Absa Bank needs borrowers.

The Absa mortgage product sits at the intersection of both interests.

The public is told the programme is helping families.

The industry benefits by creating transactions.

The Real Estate Industry's Favourite Myth

The biggest myth in Kenya's housing debate is that the problem is interest rates.

It isn't.

The problem is prices.

A worker earning KSh50,000 per month cannot afford a KSh10 million house simply because the interest rate falls by a few percentage points.

A family struggling with school fees, food costs, transport expenses and taxes does not suddenly become a homeowner because a bank lowers borrowing costs.

The uncomfortable truth is that many housing units entering the market are priced for investors, upper-middle-income buyers and speculative purchasers.

Not ordinary Kenyans.

The industry keeps talking about financing because financing is its business.

It talks far less about why houses are so expensive in the first place.

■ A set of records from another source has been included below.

Lemma scycle_edge_imset (j : nat) :
  exists2 f : 'I_k -> 'I_n, injective f &
    scycle_edge k s m j = f @: setT /\ forall t, val (f t) = scycle_vertex j t.
Proof.
pose f t := Ordinal (ltn_pmod (j * q + t.+1) n_gt0).
exists f => [t1 t2 /(congr1 val) /= /eqP | ]; last first.
  split=> //; apply/setP => v; rewrite inE; apply/existsP/imsetP => [[t /eqP v_eq] | [t _ ->]].
    by exists t => //; apply: val_inj.
  by exists t.
have := ltn_ord t1; have := ltn_ord t2 => t2_lt t1_lt.
rewrite !addnS -!addSn eqn_modDl !modn_small; try lia.
by move=> /eqP t_eq; apply: val_inj.
Qed.

Lemma card_scycle_edge (j : nat) : #|scycle_edge k s m j| = k.
Proof.
by have [f f_inj [-> _]] := scycle_edge_imset j; rewrite card_imset // cardsT card_ord.
Qed.

Lemma card_scycle_edgeD1 (i : 'I_n) (j : 'I_m) :
  i \in scycle_edge k s m j -> #|scycle_edge k s m j :\ i| = (k - 1)%N.
Proof.
move=> iEj; have := cardsD1 i (scycle_edge k s m j).
by rewrite iEj card_scycle_edge add1n => k_eq; rewrite [in RHS]k_eq subn1.
Qed.

Lemma prod_scycle_edge_class (R : comPzSemiRingType) (f : nat -> R) (j : nat) :
  \prod_(v in scycle_edge k s m j) f (scycle_class v) =
  \prod_(c < q) f c * \prod_(c < s) f c.
Proof.
have [g g_inj [-> g_val]] := scycle_edge_imset j.
rewrite big_imset /=; last by move=> t1 t2 _ _; apply: g_inj.
rewrite (eq_bigl xpredT) => [|t]; last by rewrite inE.
rewrite (eq_bigr (fun t : 'I_k => f (t %% q)%N)) => [|t _]; last first.
  by rewrite g_val scycle_class_vertex.
rewrite prod_modn_split; try lia.
by have -> : (k - q = s)%N by lia.
Qed.

Variable R : realType.

Definition scycle_perron (al : R) (v : 'I_n) : R :=
  if (scycle_class v < s)%N then 1 else al.

Definition scycle_sign (v : 'I_n) : R := if scycle_class v == s then -1 else 1.

Lemma prod_scycle_perron (al : R) (j : 'I_m) :
  \prod_(v in scycle_edge k s m j) scycle_perron al v = al ^+ (k - 2 * s).
Proof.
rewrite (prod_scycle_edge_class _ (fun c => if (c < s)%N then 1 else al)).
rewrite prod_ord_ltn; last lia.
rewrite big1 => [|c _]; last by rewrite ltn_ord.
by rewrite expr1n mul1r mulr1; congr (_ ^+ _); lia.
Qed.

Lemma prod_scycle_sign (j : 'I_m) :
  \prod_(v in scycle_edge k s m j) scycle_sign v = -1.
Proof.
rewrite (prod_scycle_edge_class _ (fun c => if c == s then -1 else 1)).
have s_lt_q : (s < q)%N by lia.
rewrite [X in X * _](bigD1 (Ordinal s_lt_q)) //= eqxx.
by rewrite !big1 ?mulr1 // => c c_neq; [rewrite ltn_eqF | rewrite ifN].
Qed.

Section Perron.

Variable al : R.
Hypotheses (al_gt0 : 0 < al) (root_al : 2 * al ^+ k + al ^+ (2 * s) - 1 = 0).

Local Notation P := (al ^+ (k - 2 * s)).
Local Notation lam := (2 + 2 * P).

Lemma scycle_perron_eq (i : 'I_n) :
  lam * scycle_perron al i ^+ (k - 1) =
  (scycle_deg k s m i)%:R * scycle_perron al i ^+ (k - 1)
  + (scycle_deg k s m i)%:R * (P / scycle_perron al i).
Proof.
rewrite scycle_deg_class /scycle_perron; case: ifP => _.
  by rewrite expr1n divr1; ring.
by rewrite mulr1n !mul1r root_eigen_identity // gt_eqF.
Qed.

Lemma scycle_perron_gt0 (v : 'I_n) : 0 < scycle_perron al v.
Proof. by rewrite /scycle_perron; case: ifP. Qed.

Lemma scycle_perron_Heigvec : scycle_Heigvec k s m 1 lam (scycle_perron al).
Proof.
split; first by exists (Ordinal n_gt0); rewrite gt_eqF ?scycle_perron_gt0.
move=> i; rewrite mul1r scycle_perron_eq.
by rewrite (edge_sum_const_prod (prod_scycle_perron al)) // gt_eqF ?scycle_perron_gt0.
Qed.

Lemma scycle_signed_perron_Heigvec : ~~ odd k ->
  scycle_Heigvec k s m (-1) lam (fun v => scycle_sign v * scycle_perron al v).
Proof.
move=> k_even.
have x_neq0 v : scycle_sign v * scycle_perron al v != 0.
  apply: mulf_neq0; last by rewrite gt_eqF ?scycle_perron_gt0.
  by rewrite /scycle_sign; case: ifP => _; rewrite ?oppr_eq0 oner_eq0.
split; first by exists (Ordinal n_gt0).
have prod_signed (j : 'I_m) :
    \prod_(v in scycle_edge k s m j) (scycle_sign v * scycle_perron al v) = - P.
  by rewrite big_split /= prod_scycle_sign prod_scycle_perron mulN1r.
move=> i; rewrite (edge_sum_const_prod prod_signed) //.
have k1_odd : odd (k - 1) by rewrite oddB ?(negbTE k_even) //; lia.
have := scycle_perron_eq i; rewrite /scycle_sign; case: ifP => _ y_eq.
  rewrite !mulN1r exprNn -signr_odd k1_odd expr1 mulN1r invrN mulrNN !mulrN y_eq.
  ring.
by rewrite !mul1r mulNr y_eq; ring.
Qed.

Lemma scycle_perron_largest (sgn : R) : `|sgn| = 1 ->
  scycle_Heig k s m sgn lam -> scycle_largest_Heig k s m sgn lam.
Proof.
move=> sgn_unit Heig_lam; split=> // mu [x [x_neq0 eig_x]].
have [_ eig_y] := scycle_perron_Heigvec.
apply: (Heig_le_positive_Heig card_scycle_edgeD1 scycle_perron_gt0 _ sgn_unit x_neq0 eig_x).
by move=> i; rewrite eig_y mul1r.
Qed.

End Perron.

End SCycle.

Theorem theorem5p1 (R : realType) (k s m : nat)
  (hk : (3 <= k)%N) (hs1 : (1 <= s)%N) (hs2 : (2 * s < k)%N)
  (hn : (2 * k - s <= m * (k - s))%N) :
  exists alpha : R,
    [/\ 0 < alpha < 1,
        2 * alpha ^+ k + alpha ^+ (2 * s) - 1 = 0,
        (forall beta : R, 0 < beta < 1 ->
           2 * beta ^+ k + beta ^+ (2 * s) - 1 = 0 -> beta = alpha),
        lambdaQ_is k s m (2 + 2 * alpha ^+ (k - 2 * s)) &
        (~~ odd k -> lambdaL_is k s m (2 + 2 * alpha ^+ (k - 2 * s)))].
Proof.
have k_gt0 : (0 < k)%N by lia.
have m_gt1 : (1 < m)%N.
  rewrite ltnNge; apply/negP => m_le1.
  by have := leq_mul m_le1 (leqnn (k - s)); lia.
have [al al01 root_al] := exists_root_poly R k_gt0 hs1.
have /andP [al_gt0 _] := al01.
exists al; split=> //.
- move=> beta /andP [beta_gt0 _] root_beta.
  by apply: root_poly_inj k_gt0 hs1 (ltW beta_gt0) (ltW al_gt0) _; lra.
- apply: scycle_perron_largest (normr1 _) _ => //.
  by exists (scycle_perron k s m R al); apply: scycle_perron_Heigvec.
- move=> k_even; apply: scycle_perron_largest (normrN1 _) _ => //.
  by eexists; apply: scycle_signed_perron_Heigvec.
Qed.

Kenya Has Houses. What It Lacks Is Affordable Housing.

Drive through Nairobi, Kiambu, Athi River, Syokimau, Ruaka, Ruiru and parts of Kajiado.

You will find completed apartments.

You will find half-occupied developments.

You will find thousands of housing units.

Yet the same market continues talking about shortages.

The issue is not merely the number of houses.

The issue is affordability.

Many units are simply beyond the reach of the people who need them most.

The industry often treats affordability as a financing problem because financing is easier to market than confronting the deeper causes of runaway property prices.

The Fine Print Nobody Wants to Discuss

The headlines sponsored by Absa Kenya focus on 8.9%.

The headlines that Absa Kenya wants to focus on 105% financing.

But what many borrowers eventually discover is that mortgages are long-term obligations measured in decades, not headlines.

Property purchases still attract legal costs.

Property purchases still attract taxes.

Property purchases still attract insurance costs and transaction expenses.

And if economic conditions deteriorate, borrowers remain responsible for repayment regardless of what happens to property values.

The Absa bank won't carry risk.

But the borrower carries life-changing risk.

That distinction often disappears in promotional campaigns.

The Bigger Question Absa Cannot Answer

The Managing Director and CEO of Absa Bank Kenya Abdi Mohamed.
The Managing Director and CEO of Absa Bank Kenya Abdi Mohamed.

If the banking sector genuinely wants to solve Kenya's housing crisis, why does the conversation always begin with loans?

Why not campaign for lower land costs?

Why not challenge speculative land hoarding?

Why not push for lower construction costs?

Why not address approval bottlenecks that inflate prices?

Why not confront the economics that make housing unaffordable before a mortgage is even considered?

The answer is uncomfortable.

Absa Kenya makes money from mortgages.

Absa Kenya does not make money from cheaper land.

Absa Kenya does not make money from lower house prices.

Absa Kenya does not make money when people need less debt.

The Real Story

Absa wants Kenyans to see a housing solution.

A more sceptical reading sees a customer acquisition strategy.

The bank sees a country with a housing shortage.

It also sees a country where millions of people aspire to own homes.

Those aspirations represent one of the largest untapped lending opportunities in the economy.

That is why the story should not be framed as a bank solving a national crisis.

The more important question is whether Kenya's housing crisis is increasingly being treated as a business opportunity rather than a problem to be fixed.

Because if the solution being offered to every housing challenge is simply more borrowing, then perhaps the industry is not trying to solve the crisis at all.

Perhaps it is learning how to profit from it.